GCC banks are over speculating when it comes to the real estate sector. Here are a few tips on how to choose the right bank.
Many of us have been lured by the ridiculously attractive home ﬁnance offers from banks to buy in this “dream” development or that. Many of us have been too eager to sign on the dotted line. Home buyers should exercise prudence so that their dreams don’t turn into nightmares. To be fair, this writer believes that the ﬁrst thing a person should invest in after securing her family’s education and health needs is a home, as long as she is not duped into committing her family’s ﬁnancial future to amateur banks’ unrealistic offers.
There are over ﬁfty banks operating in the UAE, as well as about a dozen “independent” ﬁnanciers who will gladly visit you in the convenience of your ofﬁce or home just to get you to commit to a multi-million dirham loan. These loans could have tenors of up to a quarter of a century and with a “low” interest rate of down to six per cent.

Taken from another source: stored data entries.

Lemma transport_positivity x t : 0 <= t -> 0 < F x v t.
Proof.
move=> t_ge0; rewrite ltNge; apply/negP => Fxt.
have reduce s : 0 <= s ->
    forall y, exists2 y', closed_box a y' & F y' v s = F y v s.
  by move=> s_ge0; apply: periodic_reduce => // i y; exact: F_periodic.
have K_compact : compact (closed_box a `*` [set v]).
  by apply: compact_setX; [exact: closed_box_compact | exact: compact_set1].
have [x0 x0_box Fx0] := reduce t t_ge0 x.
have Fx0_le0 : F x0 v t <= 0 by rewrite Fx0.
have [ts [ts_ge0 [[x1 w] [_ /= ->] Fx1] before]] :=
  first_nonpos_time (h := fun p s => F p.1 p.2 s) (x0 := (x0, v)) K_compact
    F_cont (conj x0_box erefl) t_ge0 Fx0_le0.
have pos_before y s : 0 <= s < ts -> 0 < F y v s.
  move=> /andP[s_ge0 s_lt_ts]; have [y' y'_box <-] := reduce s s_ge0 y.
  by apply: (before (y', v)) => //; rewrite s_ge0.
have ts_gt0 : 0 < ts.
  rewrite lt_def ts_ge0 andbT; apply/eqP => ts0.
  by move: Fx1; rewrite ts0 leNgt F0_gt0.
have [x2 x2_min] : exists x2, forall y, F x2 v ts <= F y v ts.
  apply: (min_of_reducible (g := fun y => F y v ts)
    (@closed_box_compact _ _ a)).
  - by have [y y_box _] := reduce ts ts_ge0 0; exists y.
  - apply: continuous_subspaceT => y.
    exact/differentiable_continuous/(F_smooth y ts_gt0).2.
  - exact: reduce.
have Fx2 : F x2 v ts <= 0 := le_trans (x2_min x1) Fx1.
have [dt dx] := F_smooth x2 ts_gt0.
have Dx i : 'D_(ebase i) (fun y => F y v ts) x2 = 0.
  by apply: derive_eq0_at_min x2_min; exact: diff_derivable dx.
have Dt : derive1 (fun s => F x2 v s) ts <= 0.
  apply: (derive1_le0_at_left_min ts_gt0 dt) => s /andP[s_gt0 s_lt_ts].
  by apply: le_trans Fx2 (ltW (pos_before _ _ _)); rewrite (ltW s_gt0).
have := transport_gt0 ts_gt0 Fx2.
rewrite big1 ?addr0 => [|i _]; last by rewrite Dx mulr0.
by rewrite ltNge Dt.
Qed.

The trouble with banks is two fold. First, some of them are operating on the brink of ﬁnancial disaster, and second, they could take you down with them. Standard and Poor’s recently warned that GCC banks, especially those in the UAE, have been “over speculating” when it comes to the real estate sector, and if there were a banking crisis, then it would damage the entire economy of the country. It is common knowledge that central banks in the GCC aren’t doing their jobs by regulating the sector; proof of which can be seen in the last stock market surge in which leverage was given by “respected and established” local and foreign banks with minimal collateral to buy shares in an already heated and about to explode stock market. Readers can also check the ﬁnancial performance of banks and insurance companies who have suffered in the ﬁnancial year 2006 because a large portion of their income a year earlier basically came from lending to stock investors as well as investing heavily in equities themselves. A recent report by the Abu Dhabi-based National Investor reveals that some UAE banks “were allowing investors to borrow as much as AED99 for every AED they invested in an IPO”. These banks claim to be ready for Basel 2.0 next January when they haven’t even implemented Basel Beta.
Are you willing to tie your family’s future to such unprofessional institutions?
According to an AP report, 1,200 prisoners, about 40 per cent of Dubai Jail’s population, are serving time for not repaying bank loans, most of which go for cars and homes. With one Dubai-based bank’s “generous” (as one radio host referred to it) offer of 99 per cent ﬁnance (another less generous bank offers 90 per cent only) on homes developed by its parent company, it won’t be a surprise if by the end of this year Dubai Jail has to make room to accommodate more defaulters. It sadly seems that local and international banks have not learned their lesson from the Madhav Patel case, when 14 GCC ﬁnancial institutions loaned him AED1 billion on nothing more than empty promises. These banks now expect toothless central banks to assist them in recovering their money. One could ask, is there simply too much money in the region that some are just giving it away?
One would expect that banks would be lining up to make use of the recently established Emcredit bureau, the UAE’s ﬁrst credit agency by the Dubai Economic Department, and yet seven months after its launch only nine banks out of 53 were “in the process of joining”. This reﬂects very poorly on their commitment to the soundness of the UAE economy, transparency claims and, above all, your hard earned cash. Perhaps Emcredit should also start assessing credit worthiness of banks so that consumers are made aware of their ﬁnancial risk before depositing money in them.
Although this article doesn’t tackle non-banking ﬁnance institutions, it is safe to assume that the risk of using them is compounded primarily due to the relatively smaller asset base they hold.
What should you do?
An Arabic saying goes “Stretch your legs only to the length of your quilt”, i.e. don’t spend beyond your means. Stick to banks with larger asset bases and/or credible government shareholding levels. Try to pay back the mortgage as early as possible no matter what penalty clauses your bank threatens to enact. Keep in mind that high ﬁnance rates of 80 per cent and above only tie you and your family up for a lifetime to institutions that are highly exposed to several classes of risk and incompetence.